Copyright © 2014 by authors and Scientific Research Publishing Inc.

This work is licensed under the Creative Commons Attribution International License (CC BY).

http://creativecommons.org/licenses/by/4.0/

Received 15 March 2014; revised 10 April 2014; accepted 17 April 2014

ABSTRACT

The Epidermal Growth Factor system is present in human organs and plays an important role in cell proliferation, differentiation and apoptosis during embryogenesis and postnatal development. It has four receptors (EGFR, ErbB-2, ErbB-3 and ErbB-4) and numerous ligands. Dysregulation of the Epidermal Growth Factor signaling network is implicated in the pathogenesis of various disorders. Especially in cancer, the Epidermal Growth Factor system becomes hyperactivated with various mechanisms (ligand overproduction, receptor overproduction, constitutive receptor activation). EGFR overexpression may have a dual role in endometrial cancer. It seems that in type I endometrial cancer, EGFR overexpression did not affect disease progression. However in type II endometrial cancer, EGFR overexpression associated with high grade disease and adverse clinical outcome. Moreover ΕrbB-2 overexpression especially in type II endometrial cancer, is an indicator of a highly aggressive disease with poor overall survival. The potential role of ErbB receptors (especially EGFR and ErbB-2) as targets for cancer therapy has been investigated for over 20 years. There are 2 major classes of ErbB targeted therapies: anti-ErbB monoclonal antibodies (MoAbs) and ErbB-specific tyrosine kinase inhibitors (TKIs). ErbB targeted therapies have still shown modest effect in unselected endometrial cancer patients. However, they may be clinically active as adjuvant therapy in well-defined subgroups of type II endometrial cancer patients with EGFR and ErbB-2 overexpression.
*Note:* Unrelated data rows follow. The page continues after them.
(* Suppose each interface function $g_k$ is piecewise linear and $\varepsilon$ is piecewise constant (constant on each $\Omega_k$). Then there is a constant $C_8>0$ independent of $h$ such that $$\sum_{j=1}^{S}\operatorname{meas}\big(\operatorname{supp}_{S_j}|\varepsilon-\varepsilon_h|\big)\le C_8 h\qquad\text{for all } h>0.$$
   Context: $H,L_x>0$, $\Omega=(0,L_x)\times(-H,H)$. There are $I\ge1$ interfaces given by $g_k:[0,L_x]\to\mathbb R$ ($k=1,\dots,I$), piecewise of the form $\sum_l\mathbf 1_{[x_{lk},x_{(l+1)k})}\phi_{lk}$ with nonzero jumps at the finitely many break points; the interfaces are separated from each other and from $x_2=\pm H$ by some $\delta>0$, and $\Omega_k$ ($k=1,\dots,I+1$) is the region of $\Omega$ between the graphs of $g_{k-1}$ and $g_k$ ($g_0\equiv -H$, $g_{I+1}\equiv H$). $\varepsilon:\Omega\to\mathbb C$ is the relative permittivity. Slices: $-H=h_0<h_1<\dots<h_S=H$, $S_j=\{(x_1,x_2)\in\Omega:h_{j-1}\le x_2<h_j\}$, $\Delta h_j=h_j-h_{j-1}$, $h=\max_j\Delta h_j$, with $h/\min_j\Delta h_j\le C_\Delta$ for a fixed constant $C_\Delta>0$, and every point where $g_k'=0$ lies on an inter-slice line $x_2=h_j$. The stairstep approximation is $\varepsilon_h(x_1,x_2)=\varepsilon(x_1,h_{j-1/2})$ on $S_j$, $h_{j-1/2}=(h_{j-1}+h_j)/2$ (in slices where the interfaces are already horizontal/vertical stairsteps, $\varepsilon_h=\varepsilon$). $\operatorname{supp}_{S_j}|\varepsilon-\varepsilon_h|$ is the set of points of $S_j$ where $\varepsilon\ne\varepsilon_h$, and meas is Lebesgue measure. *)

From HB Require Import structures.
From mathcomp Require Import all_boot all_order all_algebra.
From mathcomp Require Import all_classical all_reals all_analysis.
From mathcomp Require Import complex.
Set Implicit Arguments. Unset Strict Implicit. Unset Printing Implicit Defensive.
Import Order.TTheory GRing.Theory Num.Theory.
Local Open Scope classical_set_scope.
Local Open Scope ring_scope.

Definition lebesgue2 {R : realType} : set (R * R) -> \bar R :=
  ((@lebesgue_measure R) \x (@lebesgue_measure R))%E.

Definition Omega {R : realType} (Lx H : R) : set (R * R) :=
  [set p | 0 < p.1 < Lx /\ - H < p.2 < H].

Definition pw_linear_with_jumps {R : realType} (Lx : R) (f : R -> R) : Prop :=
  exists (n : nat) (xb a b : nat -> R),
    (0 < n)%N /\ xb 0%N = 0 /\ xb n = Lx /\
    (forall l, (l < n)%N -> xb l < xb l.+1) /\
    (forall l, (l < n)%N -> forall x, xb l <= x < xb l.+1 -> f x = a l * x + b l) /\
    (forall l, (0 < l < n)%N -> a l.-1 * xb l + b l.-1 != a l * xb l + b l).

Definition gext {R : realType} (H : R) (I : nat) (g : nat -> R -> R) (k : nat) (x : R) : R :=
  if k == 0%N then - H else if k == I.+1 then H else g k x.

Definition Omega_k {R : realType} (Lx H : R) (I : nat) (g : nat -> R -> R) (k : nat)
  : set (R * R) :=
  [set p | Omega Lx H p /\ gext H I g k.-1 p.1 < p.2 < gext H I g k p.1].

Definition slice {R : realType} (Lx H : R) (hs : nat -> R) (j : nat) : set (R * R) :=
  [set p | Omega Lx H p /\ hs j.-1 <= p.2 < hs j].

Definition hmid {R : realType} (hs : nat -> R) (j : nat) : R := (hs j.-1 + hs j) / 2.

Definition eps_h {R : realType} {V : Type} (hs : nat -> R) (eps : R * R -> V) (j : nat)
  (p : R * R) : V := eps (p.1, hmid hs j).

Definition supp_slice {R : realType} {V : Type} (Lx H : R) (hs : nat -> R)
  (eps : R * R -> V) (j : nat) : set (R * R) :=
  [set p | slice Lx H hs j p /\ eps p <> eps_h hs eps j p].

Definition dh {R : realType} (hs : nat -> R) (j : nat) : R := hs j - hs j.-1.
Definition hmax {R : realType} (S : nat) (hs : nat -> R) : R :=
  \big[Num.max/0]_(1 <= j < S.+1) dh hs j.

Definition admissible_slicing {R : realType} (Lx H : R) (I : nat) (g : nat -> R -> R)
  (CD : R) (S : nat) (hs : nat -> R) : Prop :=
  (0 < S)%N /\ hs 0%N = - H /\ hs S = H /\
  (forall j, (j < S)%N -> hs j < hs j.+1) /\
  (forall j, (1 <= j <= S)%N -> hmax S hs <= CD * dh hs j) /\
  (forall k, (1 <= k <= I)%N -> forall x, 0 < x < Lx ->
     derivable (g k) x 1 -> derive1 (g k) x = 0 ->
     exists j, (j <= S)%N /\ g k x = hs j).

(* If no interface g_k crosses the closed strip hs_i <= x2 <= hs_(i+1) above the
   abscissa x, then every point (x, x2) of the slice S_(i+1) lies in the same layer
   Omega_k as (x, h_(i+1/2)), so eps = eps_h there.  Hence supp_(S_(i+1)) is contained
   in (U_k X_(k,i)) x [hs_i, hs_(i+1)), where X_(k,i) is the set of abscissae at which
   g_k crosses the strip, and its measure is at most Delta h_(i+1) sum_k |X_(k,i)|.
   For a fixed interface the closed strips overlap only along the lines x2 = hs_i, so
   sum_i |X_(k,i)| <= 2 Lx, which gives the bound with C8 = 2 Lx I. *)

From HB Require Import structures.
From mathcomp Require Import all_boot all_order all_algebra.
From mathcomp Require Import all_classical all_reals all_analysis.
From mathcomp Require Import complex.
Set Implicit Arguments. Unset Strict Implicit. Unset Printing Implicit Defensive.
Import Order.TTheory GRing.Theory Num.Theory.
Local Open Scope classical_set_scope.
Local Open Scope ring_scope.

Lemma trivIset_preimage {I T U : Type} (D : set I) (F : I -> set U) (f : T -> U) :
  trivIset D F -> trivIset D (fun i => f @^-1` F i).
Proof. by move=> tF i j Di Dj [x [Fix Fjx]]; apply: tF => //; exists (f x). Qed.

Lemma ord_trivIset {T : Type} n (F : 'I_n -> set T) :
  (forall i j : 'I_n, (i < j)%N -> F i `&` F j = set0) -> trivIset setT F.
Proof.
move=> F_disj i j _ _ [x [Fix Fjx]]; apply/val_inj/eqP/negPn/negP.
rewrite neq_ltn => /orP[]/F_disj/seteqP[/(_ x) + _]; apply; by split.
Qed.

Section increasing_sequence.
Context {R : realDomainType} (hs : nat -> R) (S : nat).
Hypothesis hs_incr : forall i, (i < S)%N -> hs i < hs i.+1.

Lemma incr_seq_lt i j : (i < j)%N -> (j <= S)%N -> hs i < hs j.
Proof.
move=> ij jS; have iS : (i <= S)%N by rewrite (leq_trans (ltnW ij)).
apply: (homo_ltn_in (D := [pred k | (k <= S)%N]) (r := <%R)) ij => //.
- by move=> y x z; apply: lt_trans.
- by move=> a b aS bS k /andP[_ kb]; rewrite inE (leq_trans (ltnW kb)).
- by move=> k _ kS; apply: hs_incr.
Qed.

Lemma incr_seq_le i j : (i <= j)%N -> (j <= S)%N -> hs i <= hs j.
Proof.
by rewrite leq_eqVlt => /predU1P[-> //|ij] jS; rewrite ltW ?incr_seq_lt.
Qed.

Lemma trivIset_itvco_slabs : trivIset setT (fun i : 'I_S => `[hs i, hs i.+1[%classic).
Proof.
apply: ord_trivIset => i j lt_ij.
have hij : hs i.+1 <= hs j by apply: (incr_seq_le lt_ij); exact: ltnW.
rewrite -subset0 => x [/=]; rewrite !in_itv /= => /andP[_ xi] /andP[jx _].
by have := lt_le_trans xi (le_trans hij jx); rewrite ltxx.
Qed.

Lemma trivIset_slab_tops : trivIset setT (fun i : 'I_S => [set hs i.+1]).
Proof.
apply: ord_trivIset => i j lt_ij; rewrite -subset0 => x [/= -> eq_ij].
have : hs i.+1 < hs j.+1 by apply: incr_seq_lt => //; rewrite ltnS.
by rewrite eq_ij ltxx.
Qed.

End increasing_sequence.

Section sum_measure.
Context d (T : measurableType d) (R : realType) (mu : {measure set T -> \bar R}).

Lemma sum_measure_trivIset_le n (D : set T) (F : 'I_n -> set T) :
  measurable D -> (forall i, measurable (F i)) -> trivIset setT F ->
  (forall i, F i `<=` D) -> (\sum_(i < n) mu (F i) <= mu D)%E.
Proof.
move=> mD mF tF FD; rewrite -measure_bigsetU_ord //.
apply: le_measure; rewrite ?inE //; first exact: bigsetU_measurable.
by elim/big_ind: _ => // A B AD BD; rewrite subUset.
Qed.

Lemma sum_measure_preimage_le n (D : set T) (f : T -> R) (B : 'I_n -> set R) :
  measurable D -> measurable_fun D f -> (forall i, measurable (B i)) ->
  trivIset setT B -> (\sum_(i < n) mu (D `&` f @^-1` B i) <= mu D)%E.
Proof.
move=> mD mf mB tB; apply: sum_measure_trivIset_le => //.
- by move=> i; exact: mf.
- exact/trivIset_setIl/trivIset_preimage.
Qed.

Lemma sum_measure_preimage_slabs_le S (hs : nat -> R) (D : set T) (f : T -> R) :
  (forall i, (i < S)%N -> hs i < hs i.+1) -> measurable D -> measurable_fun D f ->
  (\sum_(i < S) mu (D `&` f @^-1` `[hs i, hs i.+1]) <= mu D *+ 2)%E.
Proof.
move=> hs_incr mD mf.
have slab_split (i : 'I_S) : mu (D `&` f @^-1` `[hs i, hs i.+1]) =
    (mu (D `&` f @^-1` `[hs i, hs i.+1[) + mu (D `&` f @^-1` [set hs i.+1]))%E.
  rewrite -measureU; first last.
  - rewrite -subset0 => x [[_ /=]]; rewrite in_itv /= => /andP[_ + [_ /= fx]].
    by rewrite fx ltxx.
  - exact: mf.
  - exact: mf.
  by rewrite -setIUr -preimage_setU setUitv1 // bnd_simp; exact/ltW/hs_incr.
rewrite (eq_bigr _ (fun i _ => slab_split i)) big_split /=.
by apply: leeD; apply: sum_measure_preimage_le => //;
  [exact: trivIset_itvco_slabs | exact: trivIset_slab_tops].
Qed.

End sum_measure.

(* For arbitrary, possibly non-measurable, sets: the sections are compared through
   the outer measure underlying Lebesgue measure. *)
Lemma le_lebesgue2 {R : realType} (A B : set (R * R)) :
  A `<=` B -> (lebesgue2 A <= lebesgue2 B)%E.
Proof.
move=> AB; rewrite /lebesgue2 /product_measure1 !ge0_integralE //.
apply: ereal_sup_le => _ [h hf <-]; exists h => //= x.
apply: le_trans (hf x) _; rewrite /patch /=; case: ifP => // _ /=.
by apply: le_mu_ext => y; rewrite /xsection /= !inE; exact: AB.
Qed.

Section piecewise_linear.
Context {R : realType}.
Keywords:Endometrial Cancer, ErbB Receptors, ErbB Targeted Therapy

1. Introduction

Endometrial cancer (EC) is the most common malignancy of the female genital tract and occurs primarily in postmenopausal women [1] [2] . Overall, about 2.64% of women develop EC during their lifetime [1] .

The epidermal growth factor system (EGF system) is present in human organs and plays an important role in cell proliferation, differentiation and apoptosis during embryogenesis and postnatal development [3] [4] .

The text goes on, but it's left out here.